BEGIN SUPPLIED RECORDS

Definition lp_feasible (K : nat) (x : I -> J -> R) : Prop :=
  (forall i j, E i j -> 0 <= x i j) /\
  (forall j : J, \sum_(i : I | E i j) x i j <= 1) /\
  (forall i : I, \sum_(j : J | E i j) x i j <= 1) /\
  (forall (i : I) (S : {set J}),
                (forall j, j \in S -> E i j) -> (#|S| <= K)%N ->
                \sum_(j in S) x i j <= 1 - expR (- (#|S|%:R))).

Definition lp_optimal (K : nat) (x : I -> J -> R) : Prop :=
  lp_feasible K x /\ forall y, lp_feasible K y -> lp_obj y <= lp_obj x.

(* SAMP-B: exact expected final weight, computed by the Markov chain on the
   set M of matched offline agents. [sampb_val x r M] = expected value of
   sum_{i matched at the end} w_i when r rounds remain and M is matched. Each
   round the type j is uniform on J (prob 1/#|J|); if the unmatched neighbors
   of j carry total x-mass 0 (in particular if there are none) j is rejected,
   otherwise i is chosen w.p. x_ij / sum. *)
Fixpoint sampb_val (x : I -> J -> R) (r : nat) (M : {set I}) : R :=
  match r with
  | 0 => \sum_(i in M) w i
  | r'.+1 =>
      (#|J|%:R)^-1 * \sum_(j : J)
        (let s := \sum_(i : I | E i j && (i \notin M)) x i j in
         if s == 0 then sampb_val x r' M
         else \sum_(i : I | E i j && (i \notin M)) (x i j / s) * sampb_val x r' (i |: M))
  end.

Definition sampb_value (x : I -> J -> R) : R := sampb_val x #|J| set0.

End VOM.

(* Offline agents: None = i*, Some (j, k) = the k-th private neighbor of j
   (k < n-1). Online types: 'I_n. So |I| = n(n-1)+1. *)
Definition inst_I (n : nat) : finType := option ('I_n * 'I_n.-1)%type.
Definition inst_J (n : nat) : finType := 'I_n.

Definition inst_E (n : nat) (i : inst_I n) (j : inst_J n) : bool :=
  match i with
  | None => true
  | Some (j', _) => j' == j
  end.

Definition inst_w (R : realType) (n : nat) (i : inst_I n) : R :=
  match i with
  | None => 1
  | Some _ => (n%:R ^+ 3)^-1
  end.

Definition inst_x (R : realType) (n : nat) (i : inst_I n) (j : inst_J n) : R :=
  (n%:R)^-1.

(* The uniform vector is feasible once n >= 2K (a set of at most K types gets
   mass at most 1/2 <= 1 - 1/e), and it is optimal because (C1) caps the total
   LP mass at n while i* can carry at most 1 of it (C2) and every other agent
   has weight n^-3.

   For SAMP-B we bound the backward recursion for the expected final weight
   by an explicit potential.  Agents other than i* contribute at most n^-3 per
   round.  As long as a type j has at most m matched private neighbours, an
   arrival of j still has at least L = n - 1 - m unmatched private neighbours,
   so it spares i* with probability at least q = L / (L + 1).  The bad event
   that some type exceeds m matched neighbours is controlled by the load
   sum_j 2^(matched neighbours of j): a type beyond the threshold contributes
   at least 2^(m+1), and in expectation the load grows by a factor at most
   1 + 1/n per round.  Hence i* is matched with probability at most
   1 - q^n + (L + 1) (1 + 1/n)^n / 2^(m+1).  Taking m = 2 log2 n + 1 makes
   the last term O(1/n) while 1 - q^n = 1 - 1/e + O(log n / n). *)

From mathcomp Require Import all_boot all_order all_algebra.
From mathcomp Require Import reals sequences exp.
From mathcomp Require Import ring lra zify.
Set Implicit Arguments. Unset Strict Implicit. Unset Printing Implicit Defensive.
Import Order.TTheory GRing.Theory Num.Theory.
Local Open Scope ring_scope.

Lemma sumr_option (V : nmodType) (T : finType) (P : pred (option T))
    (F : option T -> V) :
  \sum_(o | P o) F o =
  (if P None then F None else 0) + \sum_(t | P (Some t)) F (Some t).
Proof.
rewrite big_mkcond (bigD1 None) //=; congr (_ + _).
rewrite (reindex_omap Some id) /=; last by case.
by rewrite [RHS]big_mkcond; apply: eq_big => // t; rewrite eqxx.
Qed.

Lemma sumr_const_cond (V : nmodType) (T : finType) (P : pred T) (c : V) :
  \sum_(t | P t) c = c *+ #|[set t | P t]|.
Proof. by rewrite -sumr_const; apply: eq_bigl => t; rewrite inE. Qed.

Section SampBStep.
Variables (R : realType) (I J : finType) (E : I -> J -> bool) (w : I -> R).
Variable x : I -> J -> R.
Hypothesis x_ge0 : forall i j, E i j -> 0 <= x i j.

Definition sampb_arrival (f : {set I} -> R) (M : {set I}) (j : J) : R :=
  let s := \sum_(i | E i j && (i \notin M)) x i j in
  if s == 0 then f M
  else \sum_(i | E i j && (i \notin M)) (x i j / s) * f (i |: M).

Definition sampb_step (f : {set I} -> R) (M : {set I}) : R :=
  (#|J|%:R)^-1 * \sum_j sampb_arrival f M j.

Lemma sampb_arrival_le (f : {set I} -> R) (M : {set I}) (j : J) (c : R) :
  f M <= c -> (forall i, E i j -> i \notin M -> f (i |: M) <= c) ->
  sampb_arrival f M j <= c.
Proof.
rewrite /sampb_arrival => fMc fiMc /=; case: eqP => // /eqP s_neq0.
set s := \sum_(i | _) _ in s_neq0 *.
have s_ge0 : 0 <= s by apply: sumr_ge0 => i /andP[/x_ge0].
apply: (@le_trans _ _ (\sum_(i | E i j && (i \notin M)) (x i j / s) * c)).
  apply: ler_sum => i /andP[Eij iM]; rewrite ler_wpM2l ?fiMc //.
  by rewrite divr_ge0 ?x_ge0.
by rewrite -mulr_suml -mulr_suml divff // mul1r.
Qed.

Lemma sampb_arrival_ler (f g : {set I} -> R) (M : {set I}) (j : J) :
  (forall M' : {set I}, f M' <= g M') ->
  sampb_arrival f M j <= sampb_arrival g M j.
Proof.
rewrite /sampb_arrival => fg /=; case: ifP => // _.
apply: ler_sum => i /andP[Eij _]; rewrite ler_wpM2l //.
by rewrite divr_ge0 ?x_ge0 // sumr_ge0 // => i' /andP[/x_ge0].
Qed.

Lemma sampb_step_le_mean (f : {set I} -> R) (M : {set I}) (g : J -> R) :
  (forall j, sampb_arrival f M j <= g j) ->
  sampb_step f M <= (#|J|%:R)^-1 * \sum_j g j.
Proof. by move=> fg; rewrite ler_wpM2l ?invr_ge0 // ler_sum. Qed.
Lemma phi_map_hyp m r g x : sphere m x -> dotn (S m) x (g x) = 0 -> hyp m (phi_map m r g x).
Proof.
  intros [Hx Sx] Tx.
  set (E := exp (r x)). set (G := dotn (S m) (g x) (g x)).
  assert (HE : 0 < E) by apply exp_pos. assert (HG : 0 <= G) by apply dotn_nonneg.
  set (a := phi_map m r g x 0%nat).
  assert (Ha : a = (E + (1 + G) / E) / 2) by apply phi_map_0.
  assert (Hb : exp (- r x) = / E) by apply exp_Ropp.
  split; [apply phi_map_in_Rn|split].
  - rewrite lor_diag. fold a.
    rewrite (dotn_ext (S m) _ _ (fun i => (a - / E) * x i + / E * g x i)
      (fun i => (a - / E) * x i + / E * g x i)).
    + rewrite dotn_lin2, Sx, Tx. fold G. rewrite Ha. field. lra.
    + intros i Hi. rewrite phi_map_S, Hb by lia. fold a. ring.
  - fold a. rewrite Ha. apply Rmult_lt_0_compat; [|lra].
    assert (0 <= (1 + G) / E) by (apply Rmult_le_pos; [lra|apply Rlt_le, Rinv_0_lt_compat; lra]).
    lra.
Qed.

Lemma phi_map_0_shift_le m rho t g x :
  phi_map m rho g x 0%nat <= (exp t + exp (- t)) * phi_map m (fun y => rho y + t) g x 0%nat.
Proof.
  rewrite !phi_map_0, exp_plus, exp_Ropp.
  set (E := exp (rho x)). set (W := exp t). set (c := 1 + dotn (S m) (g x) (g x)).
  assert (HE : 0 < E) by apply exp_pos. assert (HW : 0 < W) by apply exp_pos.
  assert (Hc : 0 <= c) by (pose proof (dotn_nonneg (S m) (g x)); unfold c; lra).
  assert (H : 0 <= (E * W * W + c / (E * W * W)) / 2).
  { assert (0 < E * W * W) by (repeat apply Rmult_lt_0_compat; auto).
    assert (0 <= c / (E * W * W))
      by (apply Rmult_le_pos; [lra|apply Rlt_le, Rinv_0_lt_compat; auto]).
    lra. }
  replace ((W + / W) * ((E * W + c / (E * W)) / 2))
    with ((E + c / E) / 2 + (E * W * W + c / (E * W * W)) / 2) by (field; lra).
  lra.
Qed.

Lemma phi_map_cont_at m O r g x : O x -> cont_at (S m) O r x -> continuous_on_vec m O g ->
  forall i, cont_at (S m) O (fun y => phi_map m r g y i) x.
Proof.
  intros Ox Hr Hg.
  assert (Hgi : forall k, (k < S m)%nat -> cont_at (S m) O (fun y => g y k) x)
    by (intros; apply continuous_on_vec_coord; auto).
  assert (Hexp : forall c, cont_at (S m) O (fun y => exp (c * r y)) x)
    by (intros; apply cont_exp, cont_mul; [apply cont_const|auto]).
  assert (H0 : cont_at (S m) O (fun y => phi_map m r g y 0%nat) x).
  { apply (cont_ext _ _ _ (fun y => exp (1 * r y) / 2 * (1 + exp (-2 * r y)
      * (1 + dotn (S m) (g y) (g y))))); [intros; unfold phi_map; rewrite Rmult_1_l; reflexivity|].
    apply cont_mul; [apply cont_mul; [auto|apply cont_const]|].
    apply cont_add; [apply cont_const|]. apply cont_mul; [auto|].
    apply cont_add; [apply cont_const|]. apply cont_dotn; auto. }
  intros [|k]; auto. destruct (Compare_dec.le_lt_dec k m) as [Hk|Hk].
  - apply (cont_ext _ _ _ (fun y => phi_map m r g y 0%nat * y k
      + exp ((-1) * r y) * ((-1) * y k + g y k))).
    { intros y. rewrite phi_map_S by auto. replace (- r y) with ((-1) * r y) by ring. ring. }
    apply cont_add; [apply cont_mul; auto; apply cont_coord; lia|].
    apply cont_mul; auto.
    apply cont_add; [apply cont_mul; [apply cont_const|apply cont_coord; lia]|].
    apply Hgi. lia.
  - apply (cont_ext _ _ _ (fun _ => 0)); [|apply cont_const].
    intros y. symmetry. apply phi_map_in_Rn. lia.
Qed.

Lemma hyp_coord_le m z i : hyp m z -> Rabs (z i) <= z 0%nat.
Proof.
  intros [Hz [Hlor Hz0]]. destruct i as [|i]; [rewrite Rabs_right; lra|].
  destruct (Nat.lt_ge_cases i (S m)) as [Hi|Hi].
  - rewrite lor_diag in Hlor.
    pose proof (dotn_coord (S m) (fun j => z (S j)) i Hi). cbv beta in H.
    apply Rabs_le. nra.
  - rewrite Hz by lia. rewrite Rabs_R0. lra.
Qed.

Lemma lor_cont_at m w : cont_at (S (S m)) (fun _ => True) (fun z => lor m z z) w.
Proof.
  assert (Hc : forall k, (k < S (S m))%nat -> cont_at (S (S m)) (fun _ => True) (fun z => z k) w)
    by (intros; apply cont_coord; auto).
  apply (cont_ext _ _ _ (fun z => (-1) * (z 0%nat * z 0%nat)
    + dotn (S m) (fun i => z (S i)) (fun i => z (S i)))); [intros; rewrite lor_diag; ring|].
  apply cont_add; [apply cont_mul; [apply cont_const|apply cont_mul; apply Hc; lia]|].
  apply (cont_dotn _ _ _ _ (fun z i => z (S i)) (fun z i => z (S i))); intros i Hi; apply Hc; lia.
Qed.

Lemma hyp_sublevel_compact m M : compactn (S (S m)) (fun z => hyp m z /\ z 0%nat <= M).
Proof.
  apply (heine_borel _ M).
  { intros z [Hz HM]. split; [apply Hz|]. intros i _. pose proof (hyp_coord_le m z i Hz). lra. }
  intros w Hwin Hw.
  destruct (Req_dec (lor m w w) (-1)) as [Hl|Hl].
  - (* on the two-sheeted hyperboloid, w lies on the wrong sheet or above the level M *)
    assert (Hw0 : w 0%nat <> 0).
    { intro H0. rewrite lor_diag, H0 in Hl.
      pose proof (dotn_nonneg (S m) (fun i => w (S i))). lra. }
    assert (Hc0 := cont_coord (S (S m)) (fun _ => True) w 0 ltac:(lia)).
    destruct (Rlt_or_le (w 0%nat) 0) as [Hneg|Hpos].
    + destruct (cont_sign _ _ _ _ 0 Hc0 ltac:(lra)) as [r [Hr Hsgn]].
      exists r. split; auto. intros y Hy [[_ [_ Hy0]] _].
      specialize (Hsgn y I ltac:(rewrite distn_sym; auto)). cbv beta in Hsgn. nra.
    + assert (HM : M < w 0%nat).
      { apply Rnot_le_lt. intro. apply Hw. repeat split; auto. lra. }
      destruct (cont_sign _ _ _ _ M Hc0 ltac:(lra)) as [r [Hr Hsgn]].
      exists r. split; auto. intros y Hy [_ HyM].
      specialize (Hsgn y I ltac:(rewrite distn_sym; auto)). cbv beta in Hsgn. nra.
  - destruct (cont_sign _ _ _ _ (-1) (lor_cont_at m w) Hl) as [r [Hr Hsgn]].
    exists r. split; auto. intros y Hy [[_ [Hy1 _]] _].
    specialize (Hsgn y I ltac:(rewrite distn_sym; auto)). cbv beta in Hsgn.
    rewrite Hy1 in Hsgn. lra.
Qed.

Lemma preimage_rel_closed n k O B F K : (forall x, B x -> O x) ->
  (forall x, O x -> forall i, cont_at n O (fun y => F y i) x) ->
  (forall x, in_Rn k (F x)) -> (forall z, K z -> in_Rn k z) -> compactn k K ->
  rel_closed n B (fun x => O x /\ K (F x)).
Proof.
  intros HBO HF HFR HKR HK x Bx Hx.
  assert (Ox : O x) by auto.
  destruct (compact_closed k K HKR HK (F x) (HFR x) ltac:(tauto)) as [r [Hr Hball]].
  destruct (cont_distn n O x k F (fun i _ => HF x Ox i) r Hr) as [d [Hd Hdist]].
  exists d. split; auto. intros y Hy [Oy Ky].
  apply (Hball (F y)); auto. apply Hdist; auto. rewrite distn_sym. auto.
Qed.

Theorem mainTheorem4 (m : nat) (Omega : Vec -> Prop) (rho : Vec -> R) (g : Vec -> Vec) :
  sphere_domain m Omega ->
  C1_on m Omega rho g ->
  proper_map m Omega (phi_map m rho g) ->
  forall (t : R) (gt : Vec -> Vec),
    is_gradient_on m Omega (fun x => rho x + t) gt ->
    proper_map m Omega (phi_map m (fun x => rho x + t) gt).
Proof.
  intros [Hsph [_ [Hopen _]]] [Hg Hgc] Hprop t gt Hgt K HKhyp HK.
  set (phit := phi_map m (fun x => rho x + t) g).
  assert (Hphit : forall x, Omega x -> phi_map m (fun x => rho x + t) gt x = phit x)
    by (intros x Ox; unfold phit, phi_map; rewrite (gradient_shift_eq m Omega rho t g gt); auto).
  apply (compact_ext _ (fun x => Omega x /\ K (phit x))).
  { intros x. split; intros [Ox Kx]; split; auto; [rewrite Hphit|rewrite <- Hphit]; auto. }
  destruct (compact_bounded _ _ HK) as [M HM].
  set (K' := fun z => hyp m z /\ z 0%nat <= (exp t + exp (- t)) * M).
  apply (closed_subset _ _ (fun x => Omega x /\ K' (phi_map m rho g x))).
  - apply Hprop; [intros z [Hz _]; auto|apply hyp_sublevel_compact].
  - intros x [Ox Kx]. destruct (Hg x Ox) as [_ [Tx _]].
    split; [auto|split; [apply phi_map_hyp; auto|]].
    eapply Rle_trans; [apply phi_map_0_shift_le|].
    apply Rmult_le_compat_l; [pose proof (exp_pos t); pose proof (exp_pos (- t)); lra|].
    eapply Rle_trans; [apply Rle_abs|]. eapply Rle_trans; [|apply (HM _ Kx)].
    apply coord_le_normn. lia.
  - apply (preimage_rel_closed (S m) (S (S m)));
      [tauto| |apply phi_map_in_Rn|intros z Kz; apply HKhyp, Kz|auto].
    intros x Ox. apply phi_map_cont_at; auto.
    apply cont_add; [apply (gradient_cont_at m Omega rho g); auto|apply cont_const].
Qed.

END SUPPLIED RECORDS

EXERCISE:
Exactly repeat the lines above, from the opening line through the one with "(let s := \sum_(i", and include nothing else.

PROBLEM SOLUTION:
Definition lp_feasible (K : nat) (x : I -> J -> R) : Prop :=
  (forall i j, E i j -> 0 <= x i j) /\
  (forall j : J, \sum_(i : I | E i j) x i j <= 1) /\
  (forall i : I, \sum_(j : J | E i j) x i j <= 1) /\
  (forall (i : I) (S : {set J}),
                (forall j, j \in S -> E i j) -> (#|S| <= K)%N ->
                \sum_(j in S) x i j <= 1 - expR (- (#|S|%:R))).

Definition lp_optimal (K : nat) (x : I -> J -> R) : Prop :=
  lp_feasible K x /\ forall y, lp_feasible K y -> lp_obj y <= lp_obj x.

(* SAMP-B: exact expected final weight, computed by the Markov chain on the
   set M of matched offline agents. [sampb_val x r M] = expected value of
   sum_{i matched at the end} w_i when r rounds remain and M is matched. Each
   round the type j is uniform on J (prob 1/#|J|); if the unmatched neighbors
   of j carry total x-mass 0 (in particular if there are none) j is rejected,
   otherwise i is chosen w.p. x_ij / sum. *)
Fixpoint sampb_val (x : I -> J -> R) (r : nat) (M : {set I}) : R :=
  match r with
  | 0 => \sum_(i in M) w i
  | r'.+1 =>
      (#|J|%:R)^-1 * \sum_(j : J)
        (let s := \sum_(i : I | E i j && (i \notin M)) x i j in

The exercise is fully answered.